Required work: From the entries below, please output exactly the lines starting at the one containing "have := ler0n R k.+1;" and ending at the one containing "by rewrite radS", both included.

(Collected data)
Lemma card_net i : level i -> #|N i|%:R * 2 <= eps `^ (- (4 * rho)).
Proof.
move=> hl; have hi := level_gt0 hl.
have [m [hm1 hm2]] := exists_pow2_scale he0 eps_le.
have [hsub _ hsepN] := hnets hl.
have hball : N i \subset Defs.ball d v (rad i).
  apply/fintype.subsetP => y /(fintype.subsetP hsub).
  by rewrite ringE // inE => /andP[].
have hr : 2 * rad i <= 2 ^+ m * (eps * rad i.-1).
  rewrite -(prednK hi) radS /=; have hp := rad_gt0 i.-1.
  have -> : 2 ^+ m * (eps * rad i.-1) = (2 ^+ m * eps ^+ 2) * (eps^-1 * rad i.-1).
    by rewrite expr2; field; exact: lt0r_neq0.
  by rewrite ler_wpM2r // mulr_ge0 // ?invr_ge0 ltW.
have hN := packing dsym dtri hdim.1 hball hsepN hr.
apply: le_trans (doubling_growth_le rho_ge1 he0 eps_le hm2).
by rewrite ler_wpM2r.
Qed.

Definition G := `|Gamma eps rho|%N.

Lemma Gamma_ge : eps `^ (- (4 * rho)) <= (Gamma eps rho)%:~R.
Proof. exact: ceil_ge. Qed.

Lemma GammaE : Gamma eps rho = G%:Z /\ (0 < G)%N.
Proof.
have h1 : 1 <= eps `^ (- (4 * rho)).
  rewrite /powR (gt_eqF he0) leNgt expR_lt1 -leNgt.
  have := rho_ge1; have := eps_le.
  have : ln eps < 0 by apply: ln_lt0; apply/andP; split => //; have := eps_le; lra.
  nra.
have hG : (1 <= Gamma eps rho)%R by rewrite -(ler_int R); exact: le_trans h1 Gamma_ge.
rewrite /G; split; first by rewrite gez0_abs //; move: hG; clear; lia.
by move: hG; clear; lia.
Qed.

Lemma GammaR : (Gamma eps rho)%:~R = G%:R :> R.
Proof. by rewrite GammaE.1. Qed.

Lemma card_portals i : #|portals i|%:R * 2 <= G%:R * k.+1%:R :> R.
Proof.
rewrite /portals; case: ifP => hl; last by rewrite cards0 mul0r mulr_ge0.
have hU : (#|\bigcup_(y in N i) P i y| <= #|N i| * k.+1)%N.
  apply: leq_trans (card_big_setU _ _ _) _.
  rewrite -sum1_card big_distrl /=; apply: leq_sum => y hy.
  by rewrite mul1n; have [_ ->] := hport hl hy; exact: geq_minl.
have hN := le_trans (card_net hl) Gamma_ge; rewrite GammaR in hN.
move: hU; rewrite -(ler_nat R) natrM => hU.
have := ler0n R k.+1; have := ler0n R #|N i|; nra.
Qed.

Lemma adjacent_levels i j x y : level i -> level j ->
  x \in ring d v eps i -> y \in ring d v eps j ->
  eps * d v x < d v y -> d v y <= d v x -> j = i.-1 \/ j = i.
Proof.
move=> hi hj; rewrite !ringE ?level_gt0 // => /andP[hx1 hx2] /andP[hy1 hy2] hlo hhi.
have hji : (j <= i)%N.
  have : rad j.-1 < rad i by lra.
  by rewrite ltr_rad; move: (level_gt0 hj); clear; lia.
suff : (i.-1 <= j)%N by move: hji; clear; lia.
have [hi2|hi2] := ltnP i 2; first by move: hi2; clear; lia.
have e : eps * rad i.-1 = rad i.-2.
  rewrite (_ : i.-1 = i.-2.+1); last by move: hi2; clear; lia.
  by rewrite radS mulrA mulfV ?mul1r //; exact: lt0r_neq0.
have : eps * rad i.-1 < eps * d v x by rewrite ltr_pM2l.
rewrite e => h; have : rad i.-2 < rad j by lra.
by rewrite ltr_rad; move: hi2; clear; lia.
Qed.

Lemma index_window_sub_portals a b i : a \in q -> b \in q -> level i ->
  a \in ring d v eps i -> eps * d v a < d v b ->
  index_window q (index b q) (index a q).+1 \subset portals i.-1 :|: portals i.
Proof.
move=> ha hb hl har hlt; apply/fintype.subsetP => w.
rewrite inE => /andP[hw /andP[h1 h2]].
have hwQ : w \in Q by rewrite -mem_q.
have [j [hlj hwU hwr]] := mem_Q hwQ.
have dwa : d v w <= d v a by apply: le_dist_index => //; move: h2; clear; lia.
have dbw : d v b <= d v w by apply: le_dist_index.
have := adjacent_levels hl hlj har hwr (lt_le_trans hlt dbw) dwa.
by rewrite inE; case=> <-; rewrite hwU ?orbT.
Qed.

(* Two consecutive levels hold at most [G (k+1)] portals, so a portal that far
   back in the order must lie a whole level closer to [v]. *)
Lemma index_gap_dist_le a b : a \in q -> b \in q ->
  (index b q + G * k.+1 < index a q)%N -> d v b <= eps * d v a.
Proof.
move=> ha hb hab; rewrite leNgt; apply/negP => hlt.
have haQ : a \in Q by rewrite -mem_q.
have [i [hl _ har]] := mem_Q haQ.
have hW := subset_leq_card (index_window_sub_portals ha hb hl har hlt).
rewrite card_index_window_uniq ?uniq_q ?index_mem // in hW.
have hU := (leq_card_setU (portals i.-1) (portals i)).1.
have hsum : (G * k.+1 + 2 <= #|portals i.-1| + #|portals i|)%N.
  by move: hW hU hab; clear; lia.
have := card_portals i.-1; have := card_portals i.
by move: hsum; rewrite -(ler_nat R) !natrD natrM; lra.
Qed.

Definition group_of x := (index x q %/ k.+1).+1.

Lemma Agrp_pos (j : int) : (0 < j)%R ->
  A j = index_window q ((`|j|%N).-1 * k.+1) (`|j|%N * k.+1).
Proof. by move=> hj; rewrite /Agrp leNgt hj. Qed.

Lemma Agrp_nonpos (j : int) : (j <= 0)%R -> A j = [set v].
Proof. by move=> hj; rewrite /Agrp hj. Qed.

Lemma card_Agrp j : (#|A j| <= k.+1)%N.
Proof.
have [hj|hj] := lerP j 0; first by rewrite Agrp_nonpos // cards1.
rewrite Agrp_pos //; apply: leq_trans (card_index_window _ _ _) _.
by rewrite mulnBpred //; move: hj; clear; lia.
Qed.
Unset Implicit Arguments.
Theorem proposition8 (R : realFieldType) (t b k : nat) (d : design t b k) :
  (forall lstar : k.-tuple 'I_t,
     (forall l : k.-tuple 'I_t, cval l R <= cval lstar R) ->
     \tr (C_phi R d) <= b%:R * cval lstar R) /\
  (forall lstar : k.-tuple 'I_t,
     (forall l : k.-tuple 'I_t, ctval l R <= ctval lstar R) ->
     \tr (C_psi R d) <= b%:R * ctval lstar R).
Proof.
split=> lstar lstar_max.
- apply: (tr_info_mx_le (g := fun i j =>
    mean_indicator R [seq d i (s j) | s : {perm 'I_k} <- [:: 1%g; cyc_pred k]])).
    move=> r c; rewrite trmx_col_mx1_mul2 mpinv_scalar ?pnatr_eq0 //.
    rewrite mul_row_col !mulmx1 mul_mx_scalar !mxE /mean_indicator /=.
    by rewrite !big_cons big_nil perm1 permE addr0 mulrC.
  by move=> i; rewrite within_block_ss_pred; apply: lstar_max.
- apply: (tr_info_mx_le (g := fun i j =>
    mean_indicator R
      [seq d i (s j) | s : {perm 'I_k} <- [:: 1%g; cyc_pred k; cyc_succ k]])).
    move=> r c; rewrite trmx_col_mx1_mul3 mpinv_scalar ?pnatr_eq0 //.
    rewrite !mul_row_col !mulmx1 mul_mx_scalar !mxE /mean_indicator /=.
    by rewrite !big_cons big_nil perm1 !permE addr0 addrA.
  by move=> i; rewrite within_block_ss_pred_succ; apply: lstar_max.
Qed.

Written solution:
have := ler0n R k.+1; have := ler0n R #|N i|; nra.
Qed.

Lemma adjacent_levels i j x y : level i -> level j ->
  x \in ring d v eps i -> y \in ring d v eps j ->
  eps * d v x < d v y -> d v y <= d v x -> j = i.-1 \/ j = i.
Proof.
move=> hi hj; rewrite !ringE ?level_gt0 // => /andP[hx1 hx2] /andP[hy1 hy2] hlo hhi.
have hji : (j <= i)%N.
  have : rad j.-1 < rad i by lra.
  by rewrite ltr_rad; move: (level_gt0 hj); clear; lia.
suff : (i.-1 <= j)%N by move: hji; clear; lia.
have [hi2|hi2] := ltnP i 2; first by move: hi2; clear; lia.
have e : eps * rad i.-1 = rad i.-2.
  rewrite (_ : i.-1 = i.-2.+1); last by move: hi2; clear; lia.
  by rewrite radS mulrA mulfV ?mul1r //; exact: lt0r_neq0.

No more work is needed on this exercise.